> **WHAT YOU NEED TO DO**:
Copy word for word the lines from the start of the records through the line that contains "intros Hs HsT He.", both included.

> **MATERIAL FOR THIS EXERCISE**:
(* [s - r(s) - delay i = (s - ih) + (k_i h - r(ih)) + (r(ih) - r(s))], with the first two
   terms of opposite signs and at most [h] in size. *)
Lemma delayed_x_gap i s : INR i * h <= s <= (INR i + 1) * h -> s <= T ->
  Rabs (x (s - r s) - x (delay i)) <= W.
Proof.
  intros Hs HsT. assert (Hh := h_gt0). assert (Hi := pos_INR i).
  assert (Hs0 : 0 <= s) by nra.
  destruct (kidx_spec i) as [[Hm0 Hmk] [Hm1 Hm2]].
  assert (Hkid0 : 0 <= kidx r h i) by (apply IZR_le; lia).
  assert (Hdelay : delay i = INR i * h - kidx r h i * h) by (unfold delay; ring).
  assert (Hrs := r_range s Hs0).
  assert (Hri := r_range (INR i * h) ltac:(nra)).
  assert (Hrgap : Rabs (r s - r (INR i * h)) <= modulus r 0 T h).
  { apply le_modulus with q; [exact r_bounded | nra | lra |].
    rewrite Rabs_right; lra. }
  destruct x_bounded as [M HM].
  apply le_modulus with M; [exact HM | | lra |].
  - rewrite Hdelay. split; nra.
  - rewrite Hdelay. apply Rabs_le_between in Hrgap. apply Rabs_le. split; nra.
Qed.

Lemma derivable_pt_lim_e i s : INR i * h < s < (INR i + 1) * h ->
  derivable_pt_lim e s (- a s * x (s - r s) - - a s * z (delay i)).
Proof.
  intros Hs. destruct x_sol as [_ [_ [Hx _]]]. destruct z_sol as [_ [_ [Hz _]]].
  assert (Hh := h_gt0). assert (Hi := pos_INR i).
  apply (derivable_pt_lim_minus x z); [apply Hx; nra | apply (Hz i s Hs)].
Qed.

Lemma e_deriv_bound i s : INR i * h < s < (INR i + 1) * h -> s <= T ->
  Rabs (e (delay i)) <= G s ->
  Rabs (- a s * x (s - r s) - - a s * z (delay i)) <=
    W * (exp (primitive0 a s) * ext0 a s).
Proof.
  intros Hs HsT He. assert (Hh := h_gt0). assert (Hi := pos_INR i).
  assert (Hs0 : 0 <= s) by nra.
  assert (Hext : ext0 a s = a s) by (unfold ext0; rewrite Rmax_right; lra).
  assert (Has := a_ge0 s Hs0).
  assert (Hx := delayed_x_gap i s ltac:(lra) HsT).
  assert (HWG : W * exp (primitive0 a s) = W + G s) by (unfold G; ring).
  rewrite Hext, <- Rmult_assoc, HWG.
  replace (- a s * x (s - r s) - - a s * z (delay i))
    with (- a s * (x (s - r s) - x (delay i)) - a s * e (delay i)) by (unfold e; ring).
  apply Rabs_le_between in Hx. apply Rabs_le_between in He.
  apply Rabs_le. split; nra.
Qed.

Let bounded_on_interval i :=
  forall t, INR i * h <= t <= (INR i + 1) * h -> t <= T -> Rabs (e t) <= G t.

Lemma e_grid_le i : (forall j, (j < i)%nat -> bounded_on_interval j) ->
  INR i * h <= T -> Rabs (e (INR i * h)) <= G (INR i * h).
Proof.
  intros IH HiT. destruct i as [|i].
  - replace (INR 0 * h) with (- INR 0 * h) by (simpl; ring).
    rewrite e_initial by lia. simpl. rewrite Ropp_0, Rmult_0_l, G_0, Rabs_R0. lra.
  - rewrite S_INR in *. assert (Hh := h_gt0). apply (IH i); [lia | split; nra | lra].
Qed.

Lemma e_delay_le i : (forall j, (j < i)%nat -> bounded_on_interval j) ->
  INR i * h <= T -> Rabs (e (delay i)) <= G (INR i * h).
Proof.
  intros IH HiT. assert (Hh := h_gt0).
  destruct (delay_cases i) as [[j [Hj ->]] | [n [Hn ->]]].
  - assert (Hji : INR j <= INR i) by (apply le_INR, Hj).
    eapply Rle_trans; [apply e_grid_le | apply G_le; nra].
    + intros j' Hj'. apply IH. lia.
    + nra.
  - rewrite e_initial, Rabs_R0, <- G_0 by exact Hn.
    apply G_le. assert (Hi := pos_INR i). nra.
Qed.

Lemma e_interval_le i : (forall j, (j < i)%nat -> bounded_on_interval j) ->
  bounded_on_interval i.
Proof.
  intros IH t Ht HtT. assert (Hh := h_gt0). assert (Hi := pos_INR i).
  assert (Hstart := e_grid_le i IH ltac:(lra)).
  destruct (Req_dec t (INR i * h)) as [-> | Hne]; [exact Hstart|].
  apply (Rabs_le_of_deriv_le e (fun s => - a s * x (s - r s) - - a s * z (delay i))
           G (fun s => W * (exp (primitive0 a s) * ext0 a s)) (INR i * h) t);
    [lra | | apply continuous_on_G | | | |].
  - eapply continuous_on_subset; [exact continuous_on_e | simpl; intros; nra].
  - intros s Hs. apply derivable_pt_lim_e with (i := i). lra.
  - intros s _. apply derivable_pt_lim_G.
  - intros s Hs. apply e_deriv_bound; [lra | lra |].
    eapply Rle_trans; [apply (e_delay_le i IH); lra | apply G_le; lra].
  - exact Hstart.
Qed.

Lemma e_le_G t : 0 <= t <= T -> Rabs (e t) <= G t.
Proof.
  intros Ht. destruct (grid_cover h t h_gt0 (proj1 Ht)) as [i Hi].
  apply (lt_wf_ind i bounded_on_interval e_interval_le); tauto.
Qed.

Lemma error_estimate :
  sup_on (fun t => Rabs (x t - z t)) 0 T <=
  exp (integral a 0 T) * integral a 0 T *
  modulus x (- q) T (modulus r 0 T (q / INR k) + 2 * (q / INR k)).
Proof.
  rewrite integral_primitive0 by (auto; lra). fold h W.
  assert (HI := primitive0_ge0 a a_cont a_ge0 T ltac:(lra)).
  assert (HGT : G T <= exp (primitive0 a T) * primitive0 a T * W).
  { unfold G. assert (HW := W_ge0). assert (Hexp := exp_sub1_le (primitive0 a T)). nra. }
  apply sup_on_le; [lra|]. intros t Ht.
  eapply Rle_trans; [apply (e_le_G t Ht)|].
  eapply Rle_trans; [apply G_le, Ht | exact HGT].
Qed.

Lemma error_sup_ge0 : 0 <= sup_on (fun t => Rabs (x t - z t)) 0 T.
Proof.
  apply Rle_trans with (Rabs (x 0 - z 0)); [apply Rabs_pos|].
  apply (le_sup_on (fun t => Rabs (x t - z t)) 0 T (G T) 0); [| lra].
  intros t Ht. eapply Rle_trans; [apply (e_le_G t Ht) | apply G_le, Ht].
Qed.

End ErrorEstimate.

(** * Convergence *)

Lemma Un_cv_div_INR c : Un_cv (fun k => c / INR k) 0.
Proof.
  intros eps Heps.
  assert (Hc : 0 <= Rabs c / eps) by (apply Rdiv_le_0_compat; [apply Rabs_pos | lra]).
  destruct (archimed (Rabs c / eps)) as [Hup _].
  assert (Hup0 : (0 <= up (Rabs c / eps))%Z) by (apply le_IZR; lra).
  exists (S (Z.to_nat (up (Rabs c / eps)))). intros k Hk. unfold Rdist.
  assert (HN : INR (S (Z.to_nat (up (Rabs c / eps)))) <= INR k) by (apply le_INR; lia).
  rewrite S_INR, INR_IZR_INZ, Z2Nat.id in HN by lia.
  assert (Hk0 : 0 < INR k) by lra.
  rewrite Rminus_0_r, Rabs_div, (Rabs_right (INR k)) by lra.
  apply Rmult_lt_reg_r with (INR k); auto.
  unfold Rdiv. rewrite Rmult_assoc, Rinv_l, Rmult_1_r by lra.
  apply Rmult_lt_reg_r with (/ eps); [apply Rinv_0_lt_compat; lra|].
  replace (eps * INR k * / eps) with (INR k) by (field; lra). lra.
Qed.

Lemma Un_cv_modulus f lo T (d : nat -> R) : lo <= T ->
  continuous_on f (fun t => lo <= t <= T) ->
  (forall k, 0 <= d k) -> Un_cv d 0 -> Un_cv (fun k => modulus f lo T (d k)) 0.
Proof.
  intros HlT Hf Hd0 Hd eps Heps.
  destruct (modulus_small f lo T HlT Hf eps Heps) as [d0 [Hd0pos Hsmall]].
  destruct (Hd d0 Hd0pos) as [N HN].
  exists N. intros k Hk. unfold Rdist in *.
  specialize (HN k Hk). rewrite Rminus_0_r, Rabs_right in HN by (apply Rle_ge, Hd0).
  destruct (Hsmall (d k) (conj (Hd0 k) HN)).
  rewrite Rminus_0_r, Rabs_right; lra.
Qed.

Lemma Un_cv_scal0 (u : nat -> R) c : Un_cv u 0 -> Un_cv (fun k => c * u k) 0.
Proof.
  intros Hu. replace 0 with (c * 0) by ring. apply CV_mult; [|exact Hu].
  intros eps Heps. exists 0%nat. intros k _. unfold Rdist. rewrite Rminus_eq_0, Rabs_R0. lra.
Qed.

Lemma Un_cv_le_mult (u v : nat -> R) C :
  (forall k, (1 <= k)%nat -> 0 <= u k <= C * v k) -> Un_cv v 0 -> Un_cv u 0.
Proof.
  intros Huv Hv eps Heps. destruct (Un_cv_scal0 v C Hv eps Heps) as [N HN].
  exists (S N). intros k Hk. specialize (HN k ltac:(lia)). specialize (Huv k ltac:(lia)).
  unfold Rdist in *. rewrite Rminus_0_r in *.
  apply Rabs_lt_between in HN. rewrite Rabs_right; lra.
Qed.

Theorem theorem3p2 :
  forall (q : R) (a r phi : R -> R),
    0 < q ->
    continuous_on a (fun t => 0 <= t) -> (forall t, 0 <= t -> 0 <= a t) ->
    continuous_on r (fun t => 0 <= t) -> (forall t, 0 <= t -> 0 <= r t <= q) ->
    continuous_on phi (fun t => -q <= t <= 0) ->
    forall x : R -> R, is_solution_x q a r phi x ->
    forall z : nat -> R -> R,
      (forall k : nat, (1 <= k)%nat -> is_solution_z q a r phi k (z k)) ->
      (forall (T : R) (k : nat), 0 < T -> (1 <= k)%nat ->
         sup_on (fun t => Rabs (x t - z k t)) 0 T <=
         exp (integral a 0 T) * integral a 0 T *
         modulus x (- q) T (modulus r 0 T (q / INR k) + 2 * (q / INR k))) /\
      (forall T : R, 0 < T ->
         Un_cv (fun k => sup_on (fun t => Rabs (x t - z k t)) 0 T) 0).
Proof.
  intros q a r phi Hq Ha Ha0 Hr Hrq _ x Hx z Hz.
  split.
  - intros T k HT Hk. exact (error_estimate q a r phi x (z k) k T Hq Hk HT Ha Ha0 Hrq Hx (Hz k Hk)).
  - intros T HT.
    assert (Hh0 : forall k, 0 <= q / INR k).
    { intros [|k]; [unfold Rdiv; rewrite INR_0, Rinv_0, Rmult_0_r; lra|].
      apply Rdiv_le_0_compat; [lra | apply lt_0_INR; lia]. }
    assert (Hr_mod : Un_cv (fun k => modulus r 0 T (q / INR k)) 0).
    { apply Un_cv_modulus; [lra | | exact Hh0 | apply Un_cv_div_INR].
      eapply continuous_on_subset; [exact Hr | simpl; intros; lra]. }
    apply (Un_cv_le_mult _
             (fun k => modulus x (- q) T (modulus r 0 T (q / INR k) + 2 * (q / INR k)))
             (exp (integral a 0 T) * integral a 0 T)).
    + intros k Hk. split.
      * exact (error_sup_ge0 q a r phi x (z k) k T Hq Hk HT Ha Ha0 Hrq Hx (Hz k Hk)).
      * exact (error_estimate q a r phi x (z k) k T Hq Hk HT Ha Ha0 Hrq Hx (Hz k Hk)).
    + apply Un_cv_modulus; [lra | | |].
      * destruct Hx as [_ [Hxc _]].
        eapply continuous_on_subset; [exact Hxc | simpl; intros; lra].
      * intros k. assert (H := Hh0 k).
        assert (0 <= modulus r 0 T (q / INR k)); [|lra].
        apply modulus_ge0 with q; [| lra | exact H].
        intros t Ht. destruct (Hrq t (proj1 Ht)). rewrite Rabs_right; lra.
      * assert (H := CV_plus _ _ 0 0 Hr_mod (Un_cv_scal0 _ 2 (Un_cv_div_INR q))).
        rewrite Rplus_0_r in H. exact H.
Qed.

> **SOLUTION TO THIS PROBLEM**:
(* [s - r(s) - delay i = (s - ih) + (k_i h - r(ih)) + (r(ih) - r(s))], with the first two
   terms of opposite signs and at most [h] in size. *)
Lemma delayed_x_gap i s : INR i * h <= s <= (INR i + 1) * h -> s <= T ->
  Rabs (x (s - r s) - x (delay i)) <= W.
Proof.
  intros Hs HsT. assert (Hh := h_gt0). assert (Hi := pos_INR i).
  assert (Hs0 : 0 <= s) by nra.
  destruct (kidx_spec i) as [[Hm0 Hmk] [Hm1 Hm2]].
  assert (Hkid0 : 0 <= kidx r h i) by (apply IZR_le; lia).
  assert (Hdelay : delay i = INR i * h - kidx r h i * h) by (unfold delay; ring).
  assert (Hrs := r_range s Hs0).
  assert (Hri := r_range (INR i * h) ltac:(nra)).
  assert (Hrgap : Rabs (r s - r (INR i * h)) <= modulus r 0 T h).
  { apply le_modulus with q; [exact r_bounded | nra | lra |].
    rewrite Rabs_right; lra. }
  destruct x_bounded as [M HM].
  apply le_modulus with M; [exact HM | | lra |].
  - rewrite Hdelay. split; nra.
  - rewrite Hdelay. apply Rabs_le_between in Hrgap. apply Rabs_le. split; nra.
Qed.

Lemma derivable_pt_lim_e i s : INR i * h < s < (INR i + 1) * h ->
  derivable_pt_lim e s (- a s * x (s - r s) - - a s * z (delay i)).
Proof.
  intros Hs. destruct x_sol as [_ [_ [Hx _]]]. destruct z_sol as [_ [_ [Hz _]]].
  assert (Hh := h_gt0). assert (Hi := pos_INR i).
  apply (derivable_pt_lim_minus x z); [apply Hx; nra | apply (Hz i s Hs)].
Qed.

Lemma e_deriv_bound i s : INR i * h < s < (INR i + 1) * h -> s <= T ->
  Rabs (e (delay i)) <= G s ->
  Rabs (- a s * x (s - r s) - - a s * z (delay i)) <=
    W * (exp (primitive0 a s) * ext0 a s).
Proof.
  intros Hs HsT He. assert (Hh := h_gt0). assert (Hi := pos_INR i).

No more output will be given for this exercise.